---------- Material provided ----------

Lemma microlocally_small_off_resonance (D : nat -> R -> R) x xi y eta :
  (forall n t, derivable_pt_lim (D n) t (D (S n) t)) -> (forall z, D 0%nat (z + 1) = D 0%nat z) ->
  0 <= x < 1 -> 0 <= y < 1 -> doubling y <> x ->
  microlocally_small (fun hbar z => Fhat (D 0%nat) (1 / hbar) (wavepacket hbar x xi) z) y eta.
Proof.
  intros HD Hper Hx Hy Hd.
  destruct (off_resonance_gap x y Hx Hy Hd) as [g [Hg Hm]].
  set (a1 := 1/64). set (a3 := (g/4)^2/5).
  assert (Ha3 : 0 < a3) by (unfold a3; pose proof (pow_lt (g/4) 2 ltac:(lra)); lra).
  exists (g / 8). split. lra. intros N.
  exists (2 * (544 * (INR N / a1) ^ N + 144 * (INR N / a3) ^ N)), (g / 40). split. lra.
  intros h yy ee [Hh Hhd] Hyy Hee.
  eapply Rle_trans.
  - apply (cmod_inner_Fhat_le h x xi yy ee (D 0%nat) 0%Z (small_hbar_of h Hh ltac:(lra))
      (derivatives_continuous D HD 0%nat) Hper (fun _ => (0, 0)) (y - 1/2)
      (544 * exp (- a1 / h) + 144 * exp (- a3 / h))).
    + intros; split; apply continuity_pt_fconst.
    + intros z Hz. rewrite csub_0_r. apply (pairing_integrand_off_resonance h x xi y yy ee D g z); auto; lra.
  - cbn [fst snd]. rewrite !RInt_fun0, Rabs_R0.
    pose proof (exp_neg_div_le_pow a1 h N ltac:(unfold a1; lra) Hh).
    pose proof (exp_neg_div_le_pow a3 h N Ha3 Hh). lra.
Qed.

(** * On resonance: 2y = x mod 1 and eta <> 2 xi + tau'(y) *)

Lemma pairing_integrand_resonance_error h x xi y yy ee D J z :
  2 * y = J + x -> Rabs (yy - y) <= 1/8 -> y - 1/2 <= z <= y + 1/2 -> 0 < h -> h <= 3/80 ->
  cnorm1 (csub (pairing_integrand h x xi yy ee (D 0%nat) J z) (model_integrand h yy (J + x) D ee xi J z))
    <= 544 * exp (- (1/64) / h) + 32 * exp (- ((3/8)^2/5) / h).
Proof.
  intros Hj Hyy Hz Hh Hh2.
  set (e2 := exp (- ((3/8)^2/5) / h)).
  assert (Hcross : forall k (i : nat), Rabs k = INR i -> (1 <= i)%nat ->
      gauss h yy z 0 * gauss h x (2 * z - J) k <= e2 * (2 * (1/2)^i)).
  { intros k i Hk Hi. replace 2 with (2 ^ 1) at 2 by ring.
    apply gauss_product_bound; [lra | lra | apply exp_neg_div_le_half; lra |].
    apply (resonance_separation x y); auto. }
  replace (32 * e2) with (8 * (4 * e2)) by ring.
  apply pairing_integrand_sub_model.
  - apply small_hbar_of; lra.
  - apply exp_neg_div_le_half; lra.
  - apply Rabs_le_between. apply Rabs_le_between in Hyy. lra.
  - apply Rabs_le_between. lra.
  - intros i Hi. destruct (Rabs_INR_opp i) as [Hp Hn].
    pose proof (Hcross _ i Hp Hi). pose proof (Hcross _ i Hn Hi). lra.
Qed.

Lemma re_phase'_far yy y z d : Rabs (yy - y) <= d / 2 -> d < Rabs (z - y) ->
  2 * d <= Rabs (re_phase' yy (2 * y) z).
Proof.
  intros Hyy Hzy. unfold re_phase'.
  replace (- (z - yy) / 2 - (2 * z - 2 * y)) with (- (5/2) * (z - y) + (yy - y) / 2) by lra.
  pose proof (Rabs_triang_inv (- (5/2) * (z - y)) (- ((yy - y) / 2))).
  replace (- (5 / 2) * (z - y) - - ((yy - y) / 2)) with (- (5/2) * (z - y) + (yy - y) / 2) in H by ring.
  rewrite Rabs_Ropp, Rabs_mult, Rabs_Ropp, (Rabs_pos_eq (5/2)) in H by lra.
  unfold Rdiv in H. rewrite Rabs_mult, (Rabs_pos_eq (/2)) in H by lra.
  pose proof (Rabs_pos (yy - y)). lra.
Qed.

Lemma im_phase'_near (D : nat -> R -> R) xi y eta ee z :
  Rabs (ee - eta) <= Rabs (eta - 2 * xi - D 1%nat y) / 4 ->
  Rabs (D 1%nat z - D 1%nat y) < Rabs (eta - 2 * xi - D 1%nat y) / 4 ->
  Rabs (eta - 2 * xi - D 1%nat y) / 2 <= Rabs (im_phase' D ee xi z).
Proof.
  intros Hee Hz. unfold im_phase'.
  replace (- ee + 2 * xi + D 1%nat z) with
    (- (eta - 2 * xi - D 1%nat y) - (ee - eta) + (D 1%nat z - D 1%nat y)) by ring.
  pose proof (Rabs_triang_inv (- (eta - 2 * xi - D 1%nat y) - (ee - eta)) (- (D 1%nat z - D 1%nat y))).
  pose proof (Rabs_triang_inv (- (eta - 2 * xi - D 1%nat y)) (ee - eta)).
  rewrite !Rabs_Ropp in H, H0.
  replace (- (eta - 2 * xi - D 1%nat y) - (ee - eta) - - (D 1%nat z - D 1%nat y)) with
    (- (eta - 2 * xi - D 1%nat y) - (ee - eta) + (D 1%nat z - D 1%nat y)) in H by ring.
  lra.
Qed.

(* Near y the imaginary part of Phi' is close to 2 xi + tau'(y) - eta <> 0; away from y the real
   part is large. *)
Lemma phase'_bounded_away (D : nat -> R -> R) xi y eta c :
  continuity_pt (D 1%nat) y -> eta <> 2 * xi + D 1%nat y -> c = 2 * y ->
  exists r c0, 0 < r <= 1/8 /\ 0 < c0 /\
    forall yy ee z, Rabs (yy - y) < r -> Rabs (ee - eta) < r ->
      c0 <= Rabs (re_phase' yy c z) \/ c0 <= Rabs (im_phase' D ee xi z).
Proof.
  intros Hc Heta Hcy. subst c.
  set (kap := Rabs (eta - 2 * xi - D 1%nat y)).
  assert (Hk : 0 < kap) by (apply Rabs_pos_lt; lra).
  destruct (Hc (kap / 4) ltac:(lra)) as [alp [Halp Hcont]].
  assert (Hc1 : forall z, Rabs (z - y) < alp -> Rabs (D 1%nat z - D 1%nat y) < kap / 4).
  { intros z Hz. destruct (Req_dec y z) as [<-|ne].
    - rewrite Rminus_diag, Rabs_R0. lra.
    - apply (Hcont z). split. split; [exact I | exact ne]. exact Hz. }
  set (d := Rmin (alp / 2) (1/4)).
  assert (Hd : 0 < d <= alp / 2) by (split; [apply Rmin_glb_lt; lra | apply Rmin_l]).
  assert (Hd4 : d <= 1/4) by apply Rmin_r.
  exists (Rmin (kap / 4) (d / 2)), (Rmin (kap / 2) (2 * d)).
  pose proof (Rmin_l (kap / 4) (d / 2)). pose proof (Rmin_r (kap / 4) (d / 2)).
  pose proof (Rmin_l (kap / 2) (2 * d)). pose proof (Rmin_r (kap / 2) (2 * d)).
  split; [split; [apply Rmin_glb_lt|]; lra | split; [apply Rmin_glb_lt; lra |]].
  intros yy ee z Hyy Hee.
  destruct (Rle_lt_dec (Rabs (z - y)) d) as [Hzy|Hzy].
  - right. pose proof (im_phase'_near D xi y eta ee z ltac:(fold kap; lra) ltac:(apply Hc1; lra)).
    fold kap in H3. lra.
  - left. pose proof (re_phase'_far yy y z d ltac:(lra) Hzy). lra.
Qed.

Lemma uniform_derivative_bounds (D : nat -> R -> R) A B : A <= B -> (forall n z, continuity_pt (D n) z) ->
  exists M : nat -> R, forall n, 0 <= M n /\ forall z, A <= z <= B -> Rabs (D n z) <= M n.
Proof.
  intros HAB Hc.
  assert (Hex : forall n, exists m, 0 <= m /\ forall z, A <= z <= B -> Rabs (D n z) <= m).
  { intros n. destruct (continuity_ab_maj (fun z => Rabs (D n z)) A B HAB) as [Mx [H1 H2]].
    - intros z _. apply (continuity_pt_comp (D n) Rabs); auto. apply Rcontinuity_abs.
    - exists (Rabs (D n Mx)). split; [apply Rabs_pos | auto]. }
  exists (fun n => epsilon (inhabits 0) (fun m => 0 <= m /\ forall z, A <= z <= B -> Rabs (D n z) <= m)).
  intros n. apply epsilon_spec, Hex.
Qed.

Lemma model_integral_rapid_decay (D : nat -> R -> R) xi y eta c r c0 :
  (forall n t, derivable_pt_lim (D n) t (D (S n) t)) -> c = 2 * y -> 0 < c0 ->
  (forall yy ee z, Rabs (yy - y) < r -> Rabs (ee - eta) < r ->
     c0 <= Rabs (re_phase' yy c z) \/ c0 <= Rabs (im_phase' D ee xi z)) ->
  forall N, exists C, forall h yy ee J, 0 < h <= 1 -> Rabs (yy - y) < r -> Rabs (ee - eta) < r ->
    Rabs (RInt (fun t => fst (model_integrand h yy c D ee xi J t)) (y - 1/2) (y - 1/2 + 1)) +
    Rabs (RInt (fun t => snd (model_integrand h yy c D ee xi J t)) (y - 1/2) (y - 1/2 + 1)) <= C * h ^ N.
Proof.
  intros HD Hc Hc0 Hlow N.
  set (A := y - 1/2). set (a := 1/4).
  destruct (uniform_derivative_bounds D A (A + 1) ltac:(lra) (derivatives_continuous D HD)) as [M HM].
  exists (ibp_boundary_sum M (2 / c0) N * (INR N / a) ^ N + 4 * (A + 1 - A) * amp_bound M (2 / c0) N).
  intros h yy ee J [Hh Hh1] Hyy Hee.
  assert (Hnz : forall z, re_phase' yy c z ^ 2 + im_phase' D ee xi z ^ 2 <> 0).
  { intros z. rewrite <- (pow2_abs (re_phase' yy c z)), <- (pow2_abs (im_phase' D ee xi z)).
    pose proof (pow2_ge_0 (Rabs (re_phase' yy c z))). pose proof (pow2_ge_0 (Rabs (im_phase' D ee xi z))).
    destruct (Hlow yy ee z Hyy Hee); nra. }
  assert (Hend : forall z, (z = A \/ z = A + 1) -> re_phase yy c z <= - a).
  { intros z Hz. unfold re_phase, a, A in *. subst c.
    pose proof (pow2_ge_0 (z - yy)). destruct Hz; subst z; nra. }
  apply (nonstationary_phase h yy c D ee xi J A (A + 1) Hh Hh1 ltac:(lra) HD (fun z _ => Hnz z)
           M (2 / c0) a (fun n z Hz => proj2 (HM n) z Hz) (fun n => proj1 (HM n))).
  - intros z _. unfold inv_phase'. apply cnorm1_cinv; [exact Hc0 | cbn [fst snd]; apply Hlow; auto].
  - apply Rlt_le, Rdiv_lt_0_compat; lra.
  - intros z _. unfold re_phase. pose proof (pow2_ge_0 (z - yy)). pose proof (pow2_ge_0 (2 * z - c)). lra.
  - apply Hend; auto.
  - apply Hend; auto.
  - unfold a; lra.
Qed.

Lemma microlocally_small_resonance (D : nat -> R -> R) x xi y eta :
  (forall n t, derivable_pt_lim (D n) t (D (S n) t)) -> (forall z, D 0%nat (z + 1) = D 0%nat z) ->
  0 <= x < 1 -> 0 <= y < 1 -> doubling y = x -> eta <> 2 * xi + D 1%nat y ->
  microlocally_small (fun hbar z => Fhat (D 0%nat) (1 / hbar) (wavepacket hbar x xi) z) y eta.
Proof.
  intros HD Hper Hx Hy Hd Heta.
  set (j := Int_part (2 * y)).
  assert (Hj : 2 * y = IZR j + x) by (unfold doubling, frac_part in Hd; fold j in Hd; lra).
  destruct (phase'_bounded_away D xi y eta (IZR j + x) (derivatives_continuous D HD 1%nat y) Heta
              ltac:(lra)) as [r [c0 [Hr [Hc0 Hlow]]]].
  exists r. split. lra. intros N.
  destruct (model_integral_rapid_decay D xi y eta (IZR j + x) r c0 HD ltac:(lra) Hc0 Hlow N) as [C HC].
  set (a1 := 1/64). set (a2 := (3/8)^2/5).
  exists (C + 2 * (544 * (INR N / a1) ^ N + 32 * (INR N / a2) ^ N)), (3/80). split. lra.
  intros h yy ee [Hh Hhd] Hyy Hee.
  eapply Rle_trans.
  - apply (cmod_inner_Fhat_le h x xi yy ee (D 0%nat) j (small_hbar_of h Hh ltac:(lra))
      (derivatives_continuous D HD 0%nat) Hper (model_integrand h yy (IZR j + x) D ee xi (IZR j))
      (y - 1/2) (544 * exp (- a1 / h) + 32 * exp (- a2 / h))).
    + intros z _. eapply cderivable_lim_continuous, model_integrand_cderivable; auto.
    + intros z Hz. apply (pairing_integrand_resonance_error h x xi y); auto; lra.
  - pose proof (HC h yy ee (IZR j) ltac:(lra) Hyy Hee).
    pose proof (exp_neg_div_le_pow a1 h N ltac:(unfold a1; lra) Hh).
    pose proof (exp_neg_div_le_pow a2 h N ltac:(unfold a2; lra) Hh). lra.
Qed.

Theorem mainTheorem2 :
  forall (tau tau' : R -> R),
    smooth tau ->
    (forall z, tau (z + 1) = tau z) ->
    (forall z, derivable_pt_lim tau z (tau' z)) ->
  forall x xi : R, 0 <= x < 1 ->
  forall y eta : R, 0 <= y < 1 ->
    (doubling y <> x \/ (doubling y = x /\ eta <> 2 * xi + tau' y)) ->
    ~ in_microsupport
        (fun hbar z => Fhat tau (1 / hbar) (wavepacket hbar x xi) z) y eta.
Proof.
  intros tau tau' [D [HD0 HD]] Hper Hder x xi Hx y eta Hy Hcase Hsupp.
  apply Hsupp. subst tau.
  destruct Hcase as [Hd | [Hd Heta]].
  - apply microlocally_small_off_resonance; auto.
  - apply microlocally_small_resonance; auto.
    rewrite <- (uniqueness_limite (D 0%nat) y (tau' y) (D 1%nat y) (Hder y) (HD 0%nat y)). exact Heta.
Qed.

----------

| Task description |
Wherever the string "Hcont" appears in the entries above, list that line.

| Written answer |
  destruct (Hc (kap / 4) ltac:(lra)) as [alp [Halp Hcont]].
    - apply (Hcont z). split. split; [exact I | exact ne]. exact Hz. }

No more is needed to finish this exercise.